Collected Fantasies
- Cover of first edition
- Author: Avram Davidson
- Language: English
- Genre: Fantasy
- Publisher: Berkley Books
- Publication date: 1982
- Publication place: United States
- Media type: Print (paperback)
- Pages: xi, 224 pp.
- ISBN: 0-425-05081-5
- OCLC: 8612966
- LC Class: PS3554 .A79 A6 1982

= Collected Fantasies =

1982 short story collection by Avram Davidson

Collected Fantasies is a collection of fantasy short stories, written by Avram Davidson and edited by John Silbersack.
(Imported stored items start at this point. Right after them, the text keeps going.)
(* Let $(\mathcal{X},\rho)$ be a metric space, $\eta:\mathcal{X}\to\mathcal{Y}$ a function, and $x\in\mathcal{X}$. For any $0<r<\mathrm{margin}_\eta(x)/3$, the open ball $B(x,r)$ is mutually-labeling for $\eta$.
   Context: $\mathrm{margin}_\eta(x)=\inf\{\rho(x,x'):\eta(x')\ne\eta(x)\}$ (infimum of empty set $=+\infty$). A set $U$ is mutually-labeling for $\eta$ if $\mathrm{diam}(U)<\mathrm{margin}_\eta(x)$ for all $x\in U$, where $\mathrm{diam}(U)=\sup_{z,z'\in U}\rho(z,z')$. *)

From mathcomp Require Import all_boot all_order all_algebra.
From mathcomp Require Import all_classical all_reals ereal.
Set Implicit Arguments. Unset Strict Implicit. Unset Printing Implicit Defensive.
Import Order.TTheory GRing.Theory Num.Theory.
Local Open Scope classical_set_scope.
Local Open Scope ring_scope.

Definition is_metric (R : realType) (X : Type) (rho : X -> X -> R) : Prop :=
  [/\ (forall x y, 0 <= rho x y),
      (forall x y, rho x y = 0 <-> x = y),
      (forall x y, rho x y = rho y x) &
      (forall x y z, rho x z <= rho x y + rho y z)].

(* margin_eta(x) = inf { rho(x,x') : eta x' <> eta x }, inf of empty = +oo *)
Definition margin (R : realType) (X Y : Type) (rho : X -> X -> R)
  (eta : X -> Y) (x : X) : \bar R :=
  ereal_inf [set (rho x x')%:E | x' in [set x' | eta x' <> eta x]].

Definition diam (R : realType) (X : Type) (rho : X -> X -> R) (U : set X)
  : \bar R :=
  ereal_sup [set (rho z z')%:E | z in U & z' in U].

Definition mutually_labeling (R : realType) (X Y : Type) (rho : X -> X -> R)
  (eta : X -> Y) (U : set X) : Prop :=
  forall x, U x -> (diam rho U < margin rho eta x)%E.

Definition open_ball (R : realType) (X : Type) (rho : X -> X -> R)
  (x : X) (r : R) : set X := [set y | rho x y < r].

From mathcomp Require Import all_boot all_order all_algebra.
From mathcomp Require Import all_classical all_reals ereal.
From mathcomp Require Import lra.
Set Implicit Arguments. Unset Strict Implicit. Unset Printing Implicit Defensive.
Import Order.TTheory GRing.Theory Num.Theory.
Local Open Scope classical_set_scope.
Local Open Scope ring_scope.

(* For y in B(x, r): points with a label other than eta x lie at distance
   at least 3r from x, so eta y = eta x and such points lie at distance more
   than 3r - r = 2r from y, i.e. margin y > 2r; the triangle inequality
   through x bounds diam B(x, r) by 2r. *)

Section Margin.
Variables (R : realType) (X Y : Type) (rho : X -> X -> R) (eta : X -> Y).

Lemma margin_le_dist (x z : X) :
  eta z <> eta x -> (margin rho eta x <= (rho x z)%:E)%E.
Proof. by move=> ezx; apply: ereal_inf_lbound; exists z. Qed.

Lemma margin_ge (x : X) (a : R) :
  (forall z, eta z <> eta x -> a <= rho x z) -> (a%:E <= margin rho eta x)%E.
Proof.
by move=> far; apply: le_ereal_inf_tmp => _ [z ezx <-]; rewrite lee_fin far.
Qed.

Lemma margin_gt_dist_label (x y : X) :
  ((rho x y)%:E < margin rho eta x)%E -> eta y = eta x.
Proof.
move=> near; apply: contrapT => eyx.
by move: near; rewrite ltNge margin_le_dist.
Qed.

Hypothesis hrho : is_metric rho.

Lemma margin_ge_sub_dist (x y : X) (a : R) :
  eta y = eta x -> (a%:E <= margin rho eta x)%E ->
  ((a - rho x y)%:E <= margin rho eta y)%E.
Proof.
case: hrho => _ _ _ tri eyx ax; apply: margin_ge => z; rewrite eyx => ezx.
have := le_trans ax (margin_le_dist ezx); rewrite lee_fin.
have := tri x y z; lra.
Qed.

Lemma diam_open_ball_le (x : X) (r : R) :
  (diam rho (open_ball rho x r) <= (2 * r)%:E)%E.
Proof.
case: hrho => _ _ sym tri.
apply: ge_ereal_sup => _ [z zx [z' z'x <-]]; rewrite lee_fin.
rewrite /open_ball /= in zx z'x.
have := tri z x z'; rewrite (sym z x); lra.
Qed.

End Margin.

Theorem lemma3 (R : realType) (X Y : Type) (rho : X -> X -> R)
  (hrho : is_metric rho) (eta : X -> Y) (x : X) (r : R) :
  0 < r -> (r%:E < margin rho eta x / 3%:E)%E ->
  mutually_labeling rho eta (open_ball rho x r).
Proof.
move=> r_gt0 r_lt y yx; rewrite /open_ball /= in yx.
have m3r : ((3 * r)%:E < margin rho eta x)%E.
  by move: r_lt; rewrite inver pnatr_eq0 lte_pdivlMr // -EFinM mulrC.
have eyx : eta y = eta x.
  by apply: margin_gt_dist_label; apply: lt_trans m3r; rewrite lte_fin; lra.
apply: le_lt_trans (diam_open_ball_le hrho x r) _.
apply: lt_le_trans (margin_ge_sub_dist hrho eyx (ltW m3r)).
by rewrite lte_fin; lra.
Qed.
Lemma first_adj_lk_small j s : 0 < j -> j <= (size s).+1 -> j <= (first_adj s).+1 ->
  first_adj (lk j s) = j.
Proof.
move=> j0 hj hjf; apply: first_adj_eq => // [|l hl].
  by rewrite partner_lk_arc //; lia.
rewrite partner_lk_small //; last by lia.
case/andP: hl => l0 hl; case: (ltnP (partner s l) j) => hp.
  rewrite shiftk_small //; case: (ltnP l (first_adj s)) => hlf.
    by rewrite before_first_adj ?l0.
  by apply/eqP; lia.
by rewrite shiftk_large //; lia.
Qed.

Lemma first_adj_lk_large j s : first_adj s <= size s -> (first_adj s).+2 <= j ->
  j <= (size s).+1 -> first_adj (lk j s) = first_adj s.
Proof.
set k := first_adj s => hks hkj hj; apply: first_adj_eq => // [|l hl].
  have k0 : 0 < k by [].
  by rewrite partner_lk_small ?partner_first_adj ?shiftk_small //; lia.
case/andP: hl => l0 hlk; rewrite partner_lk_small; try lia.
case: (ltnP (partner s l) j) => hp; last by rewrite shiftk_large //; lia.
by rewrite shiftk_small // before_first_adj ?l0.
Qed.

Lemma diagram_size n s : is_diagram n s -> size s = 2 * n.
Proof. by case/andP => /matching_involution []. Qed.

Lemma diagram_lk_inv n k s : 0 < k -> k <= (size s).+1 ->
  is_diagram n.+1 (lk k s) -> is_diagram n s.
Proof.
move=> k0 hk /andP [hm hnc]; have [hs hmx] := matching_involution hm.
have sz : size s = 2 * n by move: hs; rewrite size_lk; lia.
have hk1 : k.-1 <= size s by lia.
have range m a : (a \in iota 1 (2 * m)) = (0 < a <= 2 * m).
  by rewrite mem_iota add1n ltnS.
have srange a : (0 < shiftk k a <= 2 * n.+1) = (0 < a <= 2 * n).
  by rewrite shiftk_gt0 // mulnS add2n leq_shiftk //; lia.
have PF a : 0 < a -> partner (lk k s) (shiftk k a) = shiftk k (partner s a).
  exact: partner_lk.
apply/andP; split.
  rewrite /is_matching sz eqxx; apply/allP => a; rewrite range => ha.
  have [] := hmx (shiftk k a); first by rewrite srange.
  rewrite PF; last by case/andP: ha.
  rewrite srange (inj_eq (@shiftk_inj k)) => hp ->.
  rewrite PF; last by case/andP: hp.
  by move=> /shiftk_inj ->; rewrite hp eqxx.
move/allP: hnc => hnc.
apply/allP => a; rewrite range => ha; apply/allP => b; rewrite range => hb.
have := hnc (shiftk k a); rewrite range srange ha => /(_ isT) /allP.
move=> /(_ (shiftk k b)); rewrite range srange hb => /(_ isT).
by rewrite !PF ?ltn_shiftk //; [case/andP: hb | case/andP: ha].
Qed.

Lemma rseq_auxS n s :
  rseq_aux n.+1 s = first_adj s :: rseq_aux n (remove_arc (first_adj s) s).
Proof. by []. Qed.

Lemma rseq_lk_small n j s : 0 < j -> j <= (size s).+1 -> j <= (first_adj s).+1 ->
  rseq_aux n.+1 (lk j s) = j :: rseq_aux n s.
Proof. by move=> j0 hj hjf; rewrite rseq_auxS first_adj_lk_small // lkK //; lia. Qed.

Lemma rseq_lk_large m n j s : is_matching m s -> first_adj s <= size s ->
  (first_adj s).+2 <= j -> j <= (size s).+1 ->
  rseq_aux n.+1 (lk j s) =
  first_adj s :: rseq_aux n (lk (j - 2) (remove_arc (first_adj s) s)).
Proof.
move=> hm hks hkj hj.
by rewrite rseq_auxS first_adj_lk_large // (remove_arc_lk hm) ?partner_first_adj.
Qed.

Lemma rs_le_cons x y b a : rs_le (y :: b) (x :: a) = (y <= x) && rs_le b a.
Proof. by []. Qed.

Lemma restricted_cons2 x y r :
  restricted [:: x, y & r] = (0 < x <= y.+1) && restricted (y :: r).
Proof. by []. Qed.

Lemma restricted_gt0 x r : restricted (x :: r) -> 0 < x.
Proof. by case: r => [/eqP ->|y r /andP [/andP []]]. Qed.

Lemma restricted_head_pred x r :
  0 < x -> restricted (x.+1 :: r) -> restricted (x :: r).
Proof.
case: r => [|y r] x0; first by case: x x0.
by rewrite !restricted_cons2 => /andP [/andP [_ h] ->]; rewrite andbT x0 ltnW.
Qed.

Lemma restricted_tail x r : restricted (x :: r) -> restricted r.
Proof. by case: r => // y r /andP []. Qed.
It was first published in paperback by Berkley Books in June 1982.

==Summary==
The book collects twelve novelettes and short stories by the author, originally published in various magazines, with an introduction by the editor.

==Contents==
- "Introduction" (John Silbersack)
- "Sacheverell"
- "Help! I Am Dr. Morris Goldpepper"
- "Dragon Skin Drum"
- "The Lord of Central Park"
- "Or All the Seas with Oysters"
- "The Man Who Saw the Elephant"
- "Manatee Gal, Won't You Come Out Tonight"
- "The Sources of the Nile"
- "The Certificate"
- "The Golem"
- "The Cobblestones of Saratoga Street"
- "Faed-Out"

==Reception==
The collection was reviewed by Debbie Notkin in Locus #259, August 1982, Len Hatfield in Science Fiction & Fantasy Book Review #7, September 1982, Thomas M. Disch in Rod Serling's The Twilight Zone Magazine, January–February 1983, and Nigel Richardson in Paperback Inferno v. 7, no. 1, August 1983.

==Awards==
The collection placed eleventh in the 1983 Locus Poll Award for Best SIngle Author Collection.